Reliable image correspondences form the foundation of vision-based spatial perception, enabling recovery of 3D structure and camera poses. However, unconstrained feature matching across domains such as aerial, indoor, and outdoor scenes remains challenging due to large variations in appearance, scale and viewpoint. Feature matching has been conventionally formulated as a 2D-to-2D problem; however, recent 3D foundation models provides spatial feature matching properties based on two-view geometry.
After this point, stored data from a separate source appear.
Definition EIG_laplacian (R : nzRingType) (n : nat) : 'M[R]_(EIG_nv n) :=
  \matrix_(i, j) (if i == j then (EIG_deg (EIG_vertex i))%:R
                  else - (EIG_adj (EIG_vertex i) (EIG_vertex j))%:R).

(* Largest eigenvalue (the Laplacian is real symmetric, so its eigenvalues
   are the real roots of its characteristic polynomial; they are all >= 0,
   so the default value 0 of the max is harmless). *)
Definition largest_eigenvalue (R : rcfType) (m : nat) (A : 'M[R]_m) : R :=
  \big[Num.max/0]_(a <- rootsR (char_poly A)) a.

Definition b_EIG (R : rcfType) (n : nat) : R :=
  largest_eigenvalue (EIG_laplacian R n).

(* The Laplacians of a graph on N vertices and of its complement add up to
   N I - J.  For an eigenvector x of the Laplacian with eigenvalue l <> 0, x is
   orthogonal to the all-ones vector, so the quadratic form of the complement's
   Laplacian at x equals (N - l) |x|^2 >= 0: every eigenvalue is at most N, and
   N is one only if x is constant along the edges of the complement (so x = 0
   when the complement has diameter at most 2).  A vertex adjacent to all
   others, on the other hand, makes N an eigenvalue.
   The nonzero proper ideals of Z_n are the dZ_n with d | n, 1 < d < n, so
   there are prod (m_i + 1) - 2 of them, and dZ_n + eZ_n = gcd(d, e)Z_n.  If
   p^2 | n then pZ_n is essential, hence adjacent to every other vertex; if
   n = pq then pZ_n + qZ_n = Z_n.  If n is squarefree, dZ_n misses (n/d)Z_n, so
   dZ_n and eZ_n are non-adjacent as soon as gcd(d, e) > 1, and for coprime d, e
   with p | d, q | e and a third prime factor of n, pqZ_n is a common
   non-neighbour: the complement has diameter at most 2. *)

From HB Require Import structures.
From mathcomp Require Import all_boot all_order all_algebra.
From mathcomp Require Import polyrcf.
From mathcomp Require Import zify ring.
Set Implicit Arguments. Unset Strict Implicit. Unset Printing Implicit Defensive.
Import Order.TTheory GRing.Theory Num.Theory.
Local Open Scope ring_scope.

Section LargestEigenvalue.
Variables (R : rcfType) (N : nat) (A : 'M[R]_N).

Lemma mem_rootsR_char l : (l \in rootsR (char_poly A)) = eigenvalue A l.
Proof.
rewrite eigenvalue_root_char -(roots_on_rootsR (monic_neq0 (char_poly_monic A))).
by rewrite in_itv.
Qed.

Lemma largest_eigenvalue_le B : 0 <= B -> (forall l, eigenvalue A l -> l <= B) ->
  largest_eigenvalue A <= B.
Proof.
move=> B_ge0 leB; rewrite /largest_eigenvalue big_seq.
by apply: bigmax_le => // l; rewrite mem_rootsR_char; apply: leB.
Qed.

Lemma largest_eigenvalue_ge l : eigenvalue A l -> l <= largest_eigenvalue A.
Proof. by rewrite -mem_rootsR_char => Al; apply: le_bigmax_seq. Qed.

Lemma largest_eigenvalue_eigen :
  largest_eigenvalue A != 0 -> eigenvalue A (largest_eigenvalue A).
Proof.
rewrite -mem_rootsR_char; set s := rootsR _.
suff : (largest_eigenvalue A == 0) || (largest_eigenvalue A \in s) by case: eqP.
rewrite /largest_eigenvalue big_seq.
apply: (big_ind (fun y => (y == 0) || (y \in s))) => [|x y|l ->]; rewrite ?eqxx ?orbT //.
by case: (leP x y).
Qed.

End LargestEigenvalue.
Definition bg_valid : Prop :=
  (0 < #|bE B|)%N /\
  (forall e : bE B, #|[pred h : bH B | he h == e]| = 2%N) /\
  (forall h, hv (bsigma B h) = hv h) /\
  (forall h h', hv h = hv h' -> fconnect (bsigma B) h h') /\
  (forall a : bV B, (0 < mult a)%N) /\
  (forall a b, connect adjacent a b).

(* occurrence h is truncated (its edge is truncated at hv h) *)
Definition trunc (h : bH B) : bool :=
  (valency (hv h) == 1%N) && (mult (hv h) == 1%N).

Definition etrunc (e : bE B) : bool := [exists h, (he h == e) && trunc h].

Definition special_A2 : bool :=
  [&& #|bV B| == 2%N, #|bE B| == 1%N & [forall a : bV B, mult a == 1%N]].

Definition quant_valid (K : fieldType) (q : bE B -> bV B -> K) : Prop :=
  forall h, ~~ etrunc (he h) -> q (he h) (hv h) != 0.

(* The quiver Q_Gamma: vertices = edges; arrows = non-truncated occurrences h,
   h being the arrow v_(he h) -> v_(he (sigma h)). *)
Definition arrowBG := {h : bH B | ~~ trunc h}.

Definition QBG : quiver :=
  @Quiver (bE B) arrowBG
    (fun a => he (val a)) (fun a => he (bsigma B (val a))).

(* successor sequence starting at h, repeated: first k arrows of C_h^infty *)
Definition cycseq (h : bH B) (k : nat) : seq (bH B) :=
  [seq iter i (bsigma B) h | i <- iota 0 k].

Definition cycpow (h : bH B) : seq (bH B) :=
  cycseq h (mult (hv h) * valency (hv h)).

Section Rel.
Variable K : fieldType.

(* basis element of the path starting at v_e with arrows (given as occurrences) s *)
Definition pathel (e : bE B) (s : seq (bH B)) : kq K QBG :=
  fun r => ((r.1 == e) && (map val r.2 == s))%:R.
While powerful, we observe that these spatially coherent matches often concentrate on dominant planar regions, e.g., walls or ground surfaces, while being less sensitive to fine-grained geometric details, particularly under large viewpoint changes. To better understand these trade-offs, we first perform linear probe experiments to evaluate the performance of various vision foundation models for image matching. Building on these insights, we introduce SPIDER, a universal feature matching framework that integrates a shared feature extraction backbone with two specialized network heads for estimating both 2D-based and 3D-based correspondences from coarse to fine. Finally, we introduce an image-matching evaluation benchmark that focuses on unconstrained scenarios with large baselines. SPIDER significantly outperforms SoTA methods, demonstrating its strong ability as a universal image-matching method.

Paper Structure

This paper contains 20 sections, 17 equations, 5 figures, 9 tables.

Figures (5)

  • Figure 1: Visualized in 3D, SPIDER jointly predicts pixel-wise warps and feature descriptors even across large viewpoint changes, unifying the appearance sensitivity of RoMa and the geometric consistency of Aerial-MASt3R within a single framework. This enables accurate camera calibration and pose estimation, achieving and surpassing State-Of-the-Art performance on challenging benchmarks.
  • Figure 2: Method Overview. Given two input images $I^A$ and $I^B$, our method builds on 3D VFM features and ConvNet features to combine semantic alignment and geometric consistency. A dual-head architecture operates in a coarse-to-fine manner: (1) the descriptor head aggregates multi-scale features through attention-based Fusion Gates to produce geometry-aware descriptors and confidence maps; (2) the warp head predicts dense correspondence fields and confidence maps, progressively refined across multiple scales. Final correspondences are sampled from the predicted warp and fastNN.
  • Figure 3: Visualization of feature descriptors from Aerial-MASt3R and SPIDER, based on images from the Teaser figure By introducing a multi-scale feature upsampling, SPIDER obtains significantly better resolved features to achieve accurate correspondences.
  • Figure 4: Visualization of camera positions for four multi-elevation scenes collected in unconstrained scenarios.
  • Figure 5: Visual Comparison under unconstrained settings. Image pattern-driven methods, e.g. RoMa rombach2022high, finds diverse matches across many planes; however, matches may be false negatives on two sides of the building. Geometry-driven methods leroy2024groundingvuong2025aerialmegadepth are better at matching planes. This can lead to homography if a confident plane dominates, e.g., when Aerial-MASt3r matches the wrong signs in Urban with high confidence. SPIDER combines both approaches and produces diverse and accurate matches.